* [Your instructions]:
Write out every line below that includes the word "subbasic".

* [Records provided]:
[Start of Attachment]
(* Let $(\Sigma,\theta)$ be a Noetherian space. The map $S$ sending a topology $\tau$ on $\Sigma^*$ to the topology generated by the sets $\uparrow_{\le^*}(UV)$ for $U,V\in\tau$ and $\uparrow_{\le^*}W$ for $W\in\theta$ is a topology expander over $\Sigma^*$.
   Context: $\Sigma^*$: finite words; $UV$: concatenation; letters identified with one-letter words; $\le$ the specialisation preorder of $\theta$; $\le^*$ Higman's ordering ($u\le^*w$ iff a strictly increasing map $h$ of positions satisfies $u_i\le w_{h(i)}$); $\uparrow_{\le^*}$ upward closure. Noetherian: every subset compact. A refinement function over $X$ is a map $R$ from topologies on $X$ to topologies on $X$, monotone for inclusion and preserving Noetherianity. For a topology $\tau$ and $H\subseteq X$, $\tau|_H$ is the topology on $X$ generated by $\{U\cap H:U\in\tau\}$. A topology expander is a refinement function $R$ such that for every Noetherian $\tau$ with $\tau\subseteq R(\tau)$ and every $H$ closed in $\tau$, $R(\tau)|_H=R(\tau|_H)|_H$. *)

From Stdlib Require Import List.
Import ListNotations.

Definition subset {X : Type} (A B : X -> Prop) : Prop := forall x, A x -> B x.

Definition fsubset {X : Type} (F G : (X -> Prop) -> Prop) : Prop :=
  forall U, F U -> G U.
Definition fequal {X : Type} (F G : (X -> Prop) -> Prop) : Prop :=
  forall U, F U <-> G U.

Definition is_topology {X : Type} (t : (X -> Prop) -> Prop) : Prop :=
  t (fun _ => True) /\
  (forall U V, t U -> t V -> t (fun x => U x /\ V x)) /\
  (forall F : (X -> Prop) -> Prop, fsubset F t ->
     t (fun x => exists U, F U /\ U x)).

Definition is_closed {X : Type} (t : (X -> Prop) -> Prop) (H : X -> Prop) : Prop :=
  t (fun x => ~ H x).

Definition compact {X : Type} (t : (X -> Prop) -> Prop) (A : X -> Prop) : Prop :=
  forall F : (X -> Prop) -> Prop, fsubset F t ->
    subset A (fun x => exists U, F U /\ U x) ->
    exists l : list (X -> Prop),
      (forall U, In U l -> F U) /\ subset A (fun x => exists U, In U l /\ U x).

Definition noetherian {X : Type} (t : (X -> Prop) -> Prop) : Prop :=
  forall A : X -> Prop, compact t A.

Definition generated {X : Type} (G : (X -> Prop) -> Prop) : (X -> Prop) -> Prop :=
  fun U => forall t, is_topology t -> fsubset G t -> t U.

Definition restrict {X : Type} (t : (X -> Prop) -> Prop) (H : X -> Prop)
  : (X -> Prop) -> Prop :=
  generated (fun A => exists U, t U /\ A = (fun x => U x /\ H x)).

Definition refinement_function {X : Type}
  (R : ((X -> Prop) -> Prop) -> ((X -> Prop) -> Prop)) : Prop :=
  (forall t, is_topology t -> is_topology (R t)) /\
  (forall t1 t2, is_topology t1 -> is_topology t2 -> fsubset t1 t2 ->
     fsubset (R t1) (R t2)) /\
  (forall t, is_topology t -> noetherian t -> noetherian (R t)).

Definition topology_expander {X : Type}
  (R : ((X -> Prop) -> Prop) -> ((X -> Prop) -> Prop)) : Prop :=
  refinement_function R /\
  (forall t, is_topology t -> noetherian t -> fsubset t (R t) ->
     forall H : X -> Prop, is_closed t H ->
       fequal (restrict (R t) H) (restrict (R (restrict t H)) H)).

Definition spec_le {S : Type} (theta : (S -> Prop) -> Prop) (x y : S) : Prop :=
  forall U, theta U -> U x -> U y.

Definition higman {S : Type} (le : S -> S -> Prop) (u w : list S) : Prop :=
  exists h : nat -> nat,
    (forall i j, i < j -> j < length u -> h i < h j) /\
    (forall i, i < length u ->
       exists a b, nth_error u i = Some a /\ nth_error w (h i) = Some b /\ le a b).

Definition upclose {S : Type} (le : S -> S -> Prop) (A : list S -> Prop)
  : list S -> Prop :=
  fun w => exists u, A u /\ higman le u w.

Definition concat_set {S : Type} (U V : list S -> Prop) : list S -> Prop :=
  fun w => exists u v, U u /\ V v /\ w = u ++ v.

Definition letters {S : Type} (W : S -> Prop) : list S -> Prop :=
  fun w => exists a, W a /\ w = [a].

Definition S_map {S : Type} (theta : (S -> Prop) -> Prop)
  (tau : (list S -> Prop) -> Prop) : (list S -> Prop) -> Prop :=
  generated (fun A =>
    (exists U V, tau U /\ tau V /\
       A = upclose (spec_le theta) (concat_set U V)) \/
    (exists W, theta W /\ A = upclose (spec_le theta) (letters W))).

(* The subbasic sets of S(tau) are the images of the open rectangles of tau x tau
   under (U, V) |-> up(UV) and of the opens of theta under W |-> up W.  Both maps
   preserve unions, and a product of Noetherian spaces is Noetherian, so every
   family of subbasic sets has a finite subfamily with the same union; an
   Alexander-type argument shows that this finiteness passes from a subbasis to
   the topology it generates.  For the expander identity, a closed set H of tau
   is open-complemented in S(tau), hence downward closed for Higman's ordering:
   then u v in H forces u, v in H, so up(UV) and up((U n H)(V n H)) agree on H. *)

From Stdlib Require Import List Lia Classical ClassicalEpsilon
  FunctionalExtensionality PropExtensionality.
Import ListNotations.

Definition union_of {X : Type} (F : (X -> Prop) -> Prop) : X -> Prop :=
  fun x => exists U, F U /\ U x.
Definition lunion {X : Type} (l : list (X -> Prop)) : X -> Prop :=
  fun x => exists U, In U l /\ U x.
Definition inter {X : Type} (l : list (X -> Prop)) : X -> Prop :=
  fun x => forall U, In U l -> U x.

Lemma set_ext {X : Type} (U V : X -> Prop) : (forall x, U x <-> V x) -> U = V.
Proof.
  intros E. apply functional_extensionality; intro x.
  apply propositional_extensionality, E.
Qed.

Lemma open_ext {X : Type} (t : (X -> Prop) -> Prop) (U V : X -> Prop) :
  t U -> (forall x, U x <-> V x) -> t V.
Proof. intros HU E. rewrite <- (set_ext U V E). exact HU. Qed.

Lemma list_choice {A B : Type} (R : A -> B -> Prop) (l : list A) :
  (forall a, In a l -> exists b, R a b) ->
  exists l', (forall b, In b l' -> exists a, R a b) /\
             (forall a, In a l -> exists b, In b l' /\ R a b).
Proof.
  induction l as [|a l IH]; intros H.
  - exists []. split; intros ? [].
  - destruct (H a (or_introl eq_refl)) as [b Hb].
    destruct IH as [l' [H1 H2]]. { intros a' Ha'. apply H. right. exact Ha'. }
    exists (b :: l'). split.
    + intros b' [<- | Hb']; eauto.
    + intros a' [<- | Ha'].
      * exists b. split; [left|]; auto.
      * destruct (H2 a' Ha') as [b' [Hb' Rb']]. exists b'. split; [right|]; auto.
Qed.

(** * Generated topologies *)

Lemma generated_is_topology {X : Type} (G : (X -> Prop) -> Prop) :
  is_topology (generated G).
Proof.
  split; [|split].
  - intros t Ht _. apply (proj1 Ht).
  - intros U V HU HV t Ht HG. apply (proj1 (proj2 Ht)); [apply HU | apply HV]; assumption.
  - intros F HF t Ht HG. apply (proj2 (proj2 Ht)). intros U HU. apply HF; assumption.
Qed.

Lemma generated_incl {X : Type} (G : (X -> Prop) -> Prop) : fsubset G (generated G).
Proof. intros U HU t _ HG. apply HG, HU. Qed.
[End of Attachment]
* [Output of the exercise]:
(* The subbasic sets of S(tau) are the images of the open rectangles of tau x tau
   family of subbasic sets has a finite subfamily with the same union; an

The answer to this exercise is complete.